(* Let $\Omega,\Omega'$ be finite words in the letters $\{R_j,T_j:j\ge1\}$. Then $\Phi_\Omega=\Phi_{\Omega'}$ as endomorphisms of $\mathbb Z[x_1,x_2,\dots]$ if and only if $\Omega$ and $\Omega'$ have the same image in the augmented Thompson monoid $\widetilde{\mathrm{Th}}$.
   Context: Operators on $\mathbb Z[x_1,x_2,\dots]$: $R_if=f(x_1,\dots,x_{i-1},0,x_i,x_{i+1},\dots)$ and $T_if=\frac1{x_i}(R_{i+1}f-R_if)$. For a word $\Omega=X_1\cdots X_k$, $\Phi_\Omega=\mathrm{op}(X_1)\circ\cdots\circ\mathrm{op}(X_k)$ where letter $R_j$ maps to the operator $R_j$ and $T_j$ to $T_j$ (empty word gives the identity). The augmented Thompson monoid $\widetilde{\mathrm{Th}}$ is the quotient of the free monoid on letters $\{T_j,R_j:j\ge1\}$ by the relations $T_iT_j=T_jT_{i+1}$ for $i>j$; $T_iR_j=R_jT_{i+1}$ for $i\ge j$; $R_iT_j=T_jR_{i+1}$ for $i>j$; $R_iR_j=R_jR_{i+1}$ for $i\ge j$. *)

From HB Require Import structures.
From mathcomp Require Import all_boot all_algebra.
From mathcomp Require Import finmap.
From mathcomp Require Import monalg.
From Stdlib Require Import Relations.

Set Implicit Arguments.
Unset Strict Implicit.
Unset Printing Implicit Defensive.

Import GRing.Theory.
Local Open Scope ring_scope.

(* CONVENTION: the variable x_(p+1) of the paper is the monomial  ucm p
   (0-based variable index p). *)
Definition Zx := {malg int[{cmonom nat}]}.

Definition xvar (p : nat) : Zx := << ucm p >>.

Definition subst (s : nat -> Zx) (g : Zx) : Zx :=
  mmap (fun c : int => c%:~R) (fun m : {cmonom nat} =>
    \prod_(p <- finsupp m) s p ^+ (m p)) g.

(* R_(k+1) f = f(x_1, ..., x_k, 0, x_(k+1), x_(k+2), ...):
   the argument in 0-based position p is x_(p+1) if p < k, 0 if p = k,
   and x_p if p > k. *)
Definition Rop (k : nat) (g : Zx) : Zx :=
  subst (fun p => if (p < k)%N then xvar p else if (p == k)%N then 0 else xvar p.-1) g.

(* exact division by the variable x_(k+1): monomials not divisible by it are
   dropped (only applied to polynomials divisible by x_(k+1)). *)
Definition divX (k : nat) (g : Zx) : Zx :=
  \sum_(m <- msupp g | (0 < m k)%N) << g@_m *g divcm m (ucm k) >>.

(* T_(k+1) f = (R_(k+2) f - R_(k+1) f) / x_(k+1) *)
Definition Top (k : nat) (g : Zx) : Zx := divX k (Rop k.+1 g - Rop k g).

(* Letters: Rl k stands for R_(k+1), Tl k stands for T_(k+1). *)
Inductive letter : Type := Rl of nat | Tl of nat.

Definition op (l : letter) : Zx -> Zx :=
  match l with Rl k => Rop k | Tl k => Top k end.

Definition Phi (w : seq letter) : Zx -> Zx :=
  foldr (fun l acc => op l \o acc) id w.

(* Defining relations of the augmented Thompson monoid (index-shift
   invariant, so they read the same with 0-based indices). *)
Inductive threl : seq letter -> seq letter -> Prop :=
| relTT i j : (j < i)%N -> threl [:: Tl i; Tl j] [:: Tl j; Tl i.+1]
| relTR i j : (j <= i)%N -> threl [:: Tl i; Rl j] [:: Rl j; Tl i.+1]
| relRT i j : (j < i)%N -> threl [:: Rl i; Tl j] [:: Tl j; Rl i.+1]
| relRR i j : (j <= i)%N -> threl [:: Rl i; Rl j] [:: Rl j; Rl i.+1].

Definition thstep (a b : seq letter) : Prop :=
  exists u v l r, threl l r /\ a = u ++ l ++ v /\ b = u ++ r ++ v.

(* two words have the same image in the augmented Thompson monoid iff they
   are equivalent for the monoid congruence generated by threl *)
Definition th_equiv : seq letter -> seq letter -> Prop :=
  clos_refl_sym_trans _ thstep.

(* Every letter sends a monomial x^a either to 0 or to a signed monomial +-x^b,
   where b, the sign and the vanishing are read off the exponent vector a: R_k
   deletes the k-th exponent when it is 0 and kills x^a otherwise, while T_k
   merges the exponents at k and k+1 and lowers the result by one when exactly
   one of them is 0 (with sign - when it is the first one).  Since Phi_Omega is
   additive, Phi_Omega = Phi_Omega' iff the two words induce the same signed
   partial action on finitely supported exponent vectors.  This action satisfies
   the Thompson relations.  Conversely, pushing letters to the right with the
   relations brings every word to a normal form, and distinct normal forms act
   differently: peeling letters off from the right, preimages of the last letter
   produce an exponent vector on which exactly one of them is defined. *)

From HB Require Import structures.
From mathcomp Require Import all_boot all_algebra finmap monalg zify.
From Stdlib Require Import FunctionalExtensionality Relations.

Set Implicit Arguments.
Unset Strict Implicit.
Unset Printing Implicit Defensive.

(** * Signed action on exponent vectors *)

Definition drop_at (k : nat) (a : nat -> nat) : nat -> nat :=
  fun p => if p < k then a p else a p.+1.

(* The [.-1] is the division by [x_(k+1)] in [T_(k+1)]. *)
Definition merge_at (k : nat) (a : nat -> nat) : nat -> nat :=
  fun p => if p < k then a p
           else if p == k then (a k + a k.+1).-1 else a p.+1.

+ + + + +

**Action item:**
Everything starting at the line containing "m (ucm k) >>." and ending at the line containing "exists u v l" in the records above should be repeated exactly, and only that.

**Expected answer:**
  \sum_(m <- msupp g | (0 < m k)%N) << g@_m *g divcm m (ucm k) >>.

(* T_(k+1) f = (R_(k+2) f - R_(k+1) f) / x_(k+1) *)
Definition Top (k : nat) (g : Zx) : Zx := divX k (Rop k.+1 g - Rop k g).

(* Letters: Rl k stands for R_(k+1), Tl k stands for T_(k+1). *)
Inductive letter : Type := Rl of nat | Tl of nat.

Definition op (l : letter) : Zx -> Zx :=
  match l with Rl k => Rop k | Tl k => Top k end.

Definition Phi (w : seq letter) : Zx -> Zx :=
  foldr (fun l acc => op l \o acc) id w.

(* Defining relations of the augmented Thompson monoid (index-shift
   invariant, so they read the same with 0-based indices). *)
Inductive threl : seq letter -> seq letter -> Prop :=
| relTT i j : (j < i)%N -> threl [:: Tl i; Tl j] [:: Tl j; Tl i.+1]
| relTR i j : (j <= i)%N -> threl [:: Tl i; Rl j] [:: Rl j; Tl i.+1]
| relRT i j : (j < i)%N -> threl [:: Rl i; Tl j] [:: Tl j; Rl i.+1]
| relRR i j : (j <= i)%N -> threl [:: Rl i; Rl j] [:: Rl j; Rl i.+1].

Definition thstep (a b : seq letter) : Prop :=
  exists u v l r, threl l r /\ a = u ++ l ++ v /\ b = u ++ r ++ v.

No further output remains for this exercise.